Snakes on a Projective Plane

Snakes on a Projective Plane - A game

This is a game that I made for fun and maybe to help people understand projective spaces, and identification spaces.

The idea is to take the classic game of snake which (you may know) takes place on a torus, and add a twist (literally) so that you can play on a Klein bottle or on a projective plane. When you go off the top, you won't just end up on the bottom, but you will end up on the other side.

Math Behind the Game

Torus

If one wanted to make Snake without walls, an obvious way would be to connect the top to the bottom and the right to the left. This is the way the original Pac-Man is played. This however is how a topologist likes to think of a donut, or torus.

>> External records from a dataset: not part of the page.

(* For any grid $\mathcal G$ and any $\delta<c(\mathcal G)/2$, if $M$ is a finitely presented $n$-parameter persistence module then $d_I(\mathsf M^{\mathcal G}_\delta(M),M)\leq\delta$.
   Context: Modules are $\mathbb{R}^n$-graded modules over $P_n$ (monoid ring over a field of $([0,\infty)^n,+)$). A grid is $\mathcal G=\prod_i\mathcal G^i$, $\mathcal G^i:[k_i]\to\mathbb{R}$, with controlling constant $c(\mathcal G)=\min\{\|\vec a-\vec b\|_\infty:\vec a\ne\vec b\in\mathrm{Im}\,\mathcal G\}$. The merge function $\mathsf M^{\mathcal G}_\delta:\mathbb{R}^n\to\mathbb{R}^n$ acts coordinatewise by sending $x$ to $\mathcal G^i(k)$ if $x\in[\mathcal G^i(k)-\delta,\mathcal G^i(k)+\delta]$, else fixing $x$. Given a presentation $F_1\xrightarrow{p_1}F_0\to M$ with $F_0,F_1$ finitely generated free, $\mathsf M^{\mathcal G}_\delta(M)$ is the cokernel of the map obtained by replacing every generator grade $\vec g$ by $\mathsf M^{\mathcal G}_\delta(\vec g)$ and every monomial $\vec x^{\vec r-\vec b}$ in $p_1$ by $\vec x^{\mathsf M(\vec r)-\mathsf M(\vec b)}$. $d_I$ is the interleaving distance: $M,N$ are $\varepsilon$-interleaved if there are natural maps $M_{\vec a}\to N_{\vec a+\varepsilon\vec1}$, $N_{\vec a}\to M_{\vec a+\varepsilon\vec1}$ whose composites are the internal maps shifting by $2\varepsilon\vec1$; $d_I$ is the infimum of such $\varepsilon$. *)

From HB Require Import structures.
From mathcomp Require Import all_boot all_order all_algebra.
From mathcomp Require Import classical_sets reals constructive_ereal ereal.
Set Implicit Arguments.
Unset Strict Implicit.
Unset Printing Implicit Defensive.
Import Order.TTheory GRing.Theory Num.Theory.
Local Open Scope ring_scope.

Section PersistenceDefs.
Variables (K : fieldType) (R : realType) (n : nat).

Definition lev (a b : 'rV[R]_n) : bool := [forall i, a ord0 i <= b ord0 i].
Definition shift (a : 'rV[R]_n) (eps : R) : 'rV[R]_n := a + const_mx eps.
Definition norminf (a : 'rV[R]_n) : R := \big[Num.max/0]_(i < n) `|a ord0 i|.

(* A pointwise finite-dimensional R^n-persistence module over K:
   M_a = K^(pdim a), and pmap a b is the structure map M_a -> M_b for a <= b
   (matrices act on row vectors: v |-> v *m pmap a b).  The values of
   pmap a b for a not <= b are irrelevant. *)
Record pmod := PMod {
  pdim : 'rV[R]_n -> nat;
  pmap : forall a b : 'rV[R]_n, 'M[K]_(pdim a, pdim b) }.
Arguments pmap : clear implicits.

(* functoriality (not needed by the statement, recorded for documentation) *)
Definition is_pmod (M : pmod) : Prop :=
  (forall a, pmap M a a = 1%:M) /\
  (forall a b c, lev a b -> lev b c -> pmap M a b *m pmap M b c = pmap M a c).

Definition interleaved (M N : pmod) (eps : R) : Prop :=
  exists (phi : forall a, 'M[K]_(pdim M a, pdim N (shift a eps)))
         (psi : forall a, 'M[K]_(pdim N a, pdim M (shift a eps))),
    [/\ forall a b, lev a b ->
          pmap M a b *m phi b = phi a *m pmap N (shift a eps) (shift b eps),
        forall a b, lev a b ->
          pmap N a b *m psi b = psi a *m pmap M (shift a eps) (shift b eps),
        forall a, phi a *m psi (shift a eps) = pmap M a (shift (shift a eps) eps)
      & forall a, psi a *m phi (shift a eps) = pmap N a (shift (shift a eps) eps)].

(* interleaving distance, in the extended reals (+oo if never interleaved) *)
Definition dI (M N : pmod) : \bar R :=
  ereal_inf [set (e%:E)%E | e in [set e : R | 0 <= e /\ interleaved M N e]].

(* A presentation F_1 --p_1--> F_0 with F_0 = (+)_{i<m} P_n(-gen i),
   F_1 = (+)_{j<l} P_n(-rel j).  Row j of [mat] holds the coefficients c_{j i}
   of p_1(e_j) = sum_i c_{j i} x^(rel j - gen i) e_i. *)
Record pres := Pres {
  pm : nat; pl : nat;
  pgen : 'I_pm -> 'rV[R]_n;
  prel : 'I_pl -> 'rV[R]_n;
  pmat : 'M[K]_(pl, pm) }.
Arguments pgen : clear implicits.
Arguments prel : clear implicits.
Arguments pmat : clear implicits.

To see how this would make a donut, take a piece of paper and try to stretch it to make this identification space.

Higher Dimensions

This type of construction is called an identification space. It gives us an easy way to make new shapes that cannot be fully realized in only 3 dimensions. When going off the left side, if instead of coming onto the right side in the usual way, we twisted the sheet of paper first, we would come onto the right side but now going the other direction. (i.e. NW would become SW from the point of view of the identification space).

These various spaces are easily constructed from changing our identifications. They produce the Klein Bottle and projective space.

Something strange happens with these new spaces that did not happen before. Direction changes, left is now right and right is now left, but why? The answer has to do with one-sidedness. The snake has moved the "back" of the identification space as we view it. If we imagine ourselves standing where the snake is, what we view as left and right would be opposite of what somebody staring at the screen would view as left and right.

How did the snake get here? Unlike the snake on the torus, who only ever stayed on the "top," the snakes on these new spaces don't have a "top" and a "bottom;" they are one-sided. From the point of view of the snake, there is no difference between the two sides of the identification space. When we look at it, we must keep in mind that we are looking at what is just a convenient representation of the actual surfaces. There is no actual concept of back.

Analogs

The snakes in this game sit on a surface. To the snake, these surfaces all just look like planes. It's not until the snakes get really long and wrap into themselves that they should suspect that they're not in a plane, but on some funny surface. Mankind made a similar discovery when we realized the world is round.

Similarly as humans in a vast space, we shouldn't suspect that the universe extends forever in all directions without wrapping. In fact, modern physics would suggest the exact opposite.